Black Vermonters are testing positive for Covid-19 at the highest rate in the state of any racial group, according to statistics on the demographics impacted by the coronavirus compiled by the Vermont Department of Health. The report, which the state plans to update every Friday, looks at the 932 cases of the new coronavirus identified in Vermont from March 5, when the outbreak began in Vermont, through May 14.

The new data prompted advocates to ask lawmakers and Gov. Phil Scott to take steps to address the disparities, including creating a task force to focus on supporting people of color in the state.

According to new data released by the Vermont Department of Health, 3% of people who tested positive for the virus through May 14 were black. The most recent Census demographic data shows that black Vermonters make up 1.5% of the state’s population. 

The majority of people who tested positive for Covid-19 in Vermont — 94.5% — were white, the data shows.

The rate of positive tests per 10,000 people was 26.2 for black or African American Vermonters, according to the health department data. In comparison, the rate for white Vermonters was 13.7 positive cases per 10,000 people. 

Hispanic Vermonters also have a higher rate of positive tests for the virus, according to the data. Per 10,000 people, 18.5 Hispanic people have tested positive for Covid-19, compared to 13 non-Hispanic people who tested positive per 10,000 Vermonters. 

The data, published May 15, is the first analysis that shows racial disparities exist among positive Covid-19 tests, Tracy Dolan, deputy commissioner of the Department of Health, confirmed. The health department was criticized by advocates in early April for not consistently collecting race data on Covid-19 patients when the pandemic first took hold in Vermont.

After the lag in data collection was identified, Xusana Davis, the state's racial equity director, told state lawmakers she would work with the Department of Health to recover the information. Race is still unknown in 7% of cases and ethnicity is unknown in 12% of cases, according to the Department of Health. 

Nationwide, reports find that Covid-19 has been disproportionately impacting people of color. Black Americans are dying from Covid-19 at a rate more than twice that of white Americans, according to APM Research Lab.

Dolan said the data is “absolutely” concerning to public health officials. She said the disparity is a symptom of systemic racism in American’s health care systems. Multiple studies have identified discrimination that people of color face when receiving medical care. Additionally, black and Hispanic people are more likely to work in low-wage, essential worker service jobs that put them at a higher risk to contract the virus. 

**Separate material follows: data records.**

Lemma rhat_Rmin_cont x : 0 < x -> continuity_pt (fun y => rhat (Rmin y p0)) x.
Proof.
  intro Hx. destruct HS as [_ [_ [_ [_ [_ [_ [_ [Hr0 [Hrd [Hrc _]]]]]]]]]].
  destruct (Rlt_or_le x p0) as [Hlt | Hge].
  - apply (continuity_pt_locally_ext rhat _ (p0 - x)); [lra | |].
    + intros y Hy. unfold Rdist in Hy. apply Rabs_def2 in Hy.
      rewrite Rmin_left; [reflexivity | lra].
    + apply derivable_continuous_pt. eexists. apply Hrd. lra.
  - apply continuity_pt_eps. intros eps Heps.
    destruct (Hrc eps Heps) as [d [Hd Hdd]]. exists d. split; [exact Hd|].
    intros y Hy. apply Rabs_def2 in Hy. rewrite (Rmin_right x) by lra. rewrite Hr0.
    unfold Rmin. destruct (Rle_dec y p0).
    + apply Hdd. lra.
    + rewrite Hr0, Rminus_diag, Rabs_R0. exact Heps.
Qed.

Lemma rar_ext_pos x : 0 < x -> 0 < rar_ext x.
Proof.
  intro Hx. destruct (rhat_state x Hx) as [Hr He]. destruct (Rmin_p0_in x Hx).
  assert (Hc := csound_pos E HE (Rmin x p0) _ ltac:(lra) Hr He).
  apply Rinv_0_lt_compat, Rmult_lt_0_compat; assumption.
Qed.

Lemma rar_ext_cont x : 0 < x -> continuity_pt rar_ext x.
Proof.
  intro Hx. destruct (rhat_state x Hx) as [Hr He]. destruct (Rmin_p0_in x Hx).
  assert (Hrad := csound_radicand_pos E HE (Rmin x p0) _ ltac:(lra) Hr He).
  assert (Hc := csound_pos E HE (Rmin x p0) _ ltac:(lra) Hr He).
  assert (HG := Gam_pos E HE _ Hr).
  assert (Hrho := rhat_Rmin_cont x Hx). assert (Hmin := continuity_pt_Rmin_l p0 x).
  assert (Hc1 := Gam_cont E HE _ Hr). assert (Hc2 := Gam1_cont E HE _ Hr).
  assert (Hc3 := hh_cont E HE _ Hr). assert (Hc4 := hh1_cont E HE _ Hr).
  change rar_ext with (fun y => / (rhat (Rmin y p0) * csound E (Rmin y p0) (rhat (Rmin y p0)))).
  unfold csound. solve_continuity.
  all: first [ apply continuity_pt_sqrt; lra
             | unfold csound in Hc; apply Rgt_not_eq, Rmult_lt_0_compat; assumption
             | lra ].
Qed.

Lemma rar_ext_integrable a b : 0 < a -> 0 < b -> ex_RInt rar_ext a b.
Proof.
  intros Ha Hb. apply (@ex_RInt_continuous R_CompleteNormedModule). intros z Hz.
  apply continuity_pt_filterlim, rar_ext_cont.
  assert (0 < Rmin a b) by (apply Rmin_pos; auto). lra.
Qed.

Definition rar_branch x := RInt rar_ext p0 x.

Lemma rar_branch_derive x : 0 < x -> is_derive rar_branch x (rar_ext x).
Proof.
  intro Hx. apply (is_derive_RInt rar_ext rar_branch p0 x).
  - assert (Hx2 : 0 < x / 2) by lra. exists (mkposreal _ Hx2). intros y Hy.
    apply (@RInt_correct R_CompleteNormedModule), rar_ext_integrable; [apply p0_pos|].
    change (Rabs (y - x) < x / 2) in Hy. apply Rabs_def2 in Hy. lra.
  - apply continuity_pt_filterlim, rar_ext_cont, Hx.
Qed.

Lemma rar_branch_incr x y : 0 < x -> x < y -> rar_branch x < rar_branch y.
Proof.
  intros Hx Hxy. apply (incr_function rar_branch 0 p_infty rar_ext); simpl; auto.
  - intros z Hz _. now apply rar_branch_derive.
  - intros z Hz _. now apply rar_ext_pos.
Qed.

Lemma rar_branch_cont x : 0 < x -> continuity_pt rar_branch x.
Proof.
  intro Hx. apply derivable_continuous_pt. exists (rar_ext x).
  apply is_derive_Reals, rar_branch_derive, Hx.
Qed.

Lemma rar_branch_p0 : rar_branch p0 = 0.
Proof. unfold rar_branch. now rewrite RInt_point. Qed.

Lemma Rint_rar_integrand a b : 0 < a <= p0 -> 0 < b <= p0 ->
  Rint (rar_integrand E rhat) a b = RInt rar_ext a b.
Proof.
  intros Ha Hb.
  assert (Hagree : forall x, Rmin a b < x < Rmax a b -> rar_ext x = rar_integrand E rhat x).
  { intros x Hx. unfold rar_ext. rewrite Rmin_left; [reflexivity|].
    assert (Rmax a b <= p0) by (apply Rmax_lub; lra). lra. }
  assert (Hex : ex_RInt (rar_integrand E rhat) a b)
    by (apply (ex_RInt_ext rar_ext); [exact Hagree | apply rar_ext_integrable; lra]).
  unfold Rint. destruct (excluded_middle_informative _) as [Hpr | Hnpr].
  - rewrite <- RInt_Reals. symmetry. apply RInt_ext. exact Hagree.
  - exfalso. apply Hnpr. now exists (ex_RInt_Reals_0 _ _ _ Hex).
Qed.

Let fk_side := fk E rho0 p0 rhoH rhat.

Lemma fk_le p : 0 < p <= p0 -> fk_side p = rar_branch p.
Proof.
  intro Hp. unfold fk_side, fk. destruct (Rle_dec p p0); [| lra].
  apply Rint_rar_integrand; lra.
Qed.

Lemma fk_gt p : p0 < p -> fk_side p = shock_branch p.
Proof. intro Hp. unfold fk_side, fk. destruct (Rle_dec p p0); [lra | reflexivity]. Qed.

Lemma Rint_rar_to_p0 a : 0 < a <= p0 -> Rint (rar_integrand E rhat) a p0 = - fk_side a.
Proof.
  intro Ha. rewrite Rint_rar_integrand, fk_le by (assumption || lra).
  unfold rar_branch. rewrite <- (opp_RInt_swap rar_ext p0 a); [reflexivity|].
  apply rar_ext_integrable; lra.
Qed.

Lemma fk_incr x y : 0 < x -> x < y -> fk_side x < fk_side y.
Proof.
  intros Hx Hxy. destruct (Rle_or_lt y p0) as [Hy | Hy].
  - rewrite !fk_le by lra. now apply rar_branch_incr.
  - rewrite (fk_gt y Hy). destruct (Rle_or_lt x p0) as [Hx' | Hx'].
    + rewrite fk_le by lra. assert (rar_branch x <= rar_branch p0).
      { destruct (Rle_lt_or_eq_dec _ _ Hx') as [Hlt | ->]; [| lra].
        left. now apply rar_branch_incr. }
      generalize (shock_branch_pos y Hy). rewrite rar_branch_p0 in *. lra.
    + rewrite fk_gt by exact Hx'. now apply shock_branch_incr.
Qed.

Lemma fk_cont x : 0 < x -> continuity_pt fk_side x.
Proof.
  intro Hx. destruct (Rtotal_order x p0) as [Hlt | [-> | Hgt]].
  - apply (continuity_pt_locally_ext rar_branch _ (Rmin x (p0 - x))).
    + apply Rmin_pos; lra.
    + intros y Hy. unfold Rdist in Hy. apply Rabs_def2 in Hy.
      generalize (Rmin_l x (p0 - x)) (Rmin_r x (p0 - x)). intros.
      symmetry. apply fk_le. lra.
    + now apply rar_branch_cont.
  - assert (H0 := rho0_pos).
    apply (continuity_pt_squeeze_right _ rar_branch (fun y => sqrt ((y - p0) / rho0)) p0 p0).
    + exact Hx.
    + intros y Hy. apply fk_le. lra.
    + intros y Hy. rewrite fk_gt, rar_branch_p0 by exact Hy.
      split; [left; now apply shock_branch_pos | now apply shock_branch_le].
    + now apply rar_branch_cont.
    + solve_continuity.
      * lra.
      * apply continuity_pt_sqrt. rewrite Rminus_diag, Rdiv_0_l. lra.
    + now rewrite rar_branch_p0, Rminus_diag, Rdiv_0_l, sqrt_0.
  - apply (continuity_pt_locally_ext shock_branch _ (x - p0)); [lra | |].
    + intros y Hy. unfold Rdist in Hy. apply Rabs_def2 in Hy. symmetry. apply fk_gt. lra.
    + now apply shock_branch_cont.
Qed.

Lemma Rint_rar_to_p0_decr x y : 0 < x -> x < y <= p0 ->
  Rint (rar_integrand E rhat) y p0 < Rint (rar_integrand E rhat) x p0.
Proof.
  intros Hx Hxy. rewrite !Rint_rar_to_p0 by lra.
  apply Ropp_lt_contravar, fk_incr; lra.
Qed.

Lemma fk_lower p : 0 < p -> R_lt_ER (- fk_side p) (improper0 (rar_integrand E rhat) p0).
Proof.
  intro Hp. assert (Hp0 := p0_pos).
  unfold improper0. destruct (excluded_middle_informative _) as [Hcv | _]; [| exact I].
  destruct (constructive_indefinite_description _ Hcv) as [L HL]. simpl.
  assert (HDL := lim_right0_decr_lt _ p0 Rint_rar_to_p0_decr L HL). cbv beta in HDL.
  destruct (Rle_or_lt p p0) as [Hle | Hgt].
  - specialize (HDL p ltac:(lra)). rewrite Rint_rar_to_p0 in HDL; lra.
  - specialize (HDL p0 ltac:(lra)). rewrite Rint_rar_to_p0, fk_le, rar_branch_p0 in HDL by lra.
    rewrite fk_gt by exact Hgt. generalize (shock_branch_pos p Hgt). lra.
Qed.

Dolan said the department is not doing anything “unique” to address the disparity. The state is continuing to reach out to immigrants through community organizations to ensure that educational material about Covid-19 is being disseminated to more vulnerable communities, she said. 

“I can’t say I’m surprised by the data,” said Mark Hughes, executive director of Justice for All. “I’m really trying to figure out why it took them so long.” 

Hughes said his organization is going to ask Gov. Phil Scott and legislators to put together a task force that would explore what kind of support might be needed, whether financial or medical, for communities of color that have been impacted by the disparity. 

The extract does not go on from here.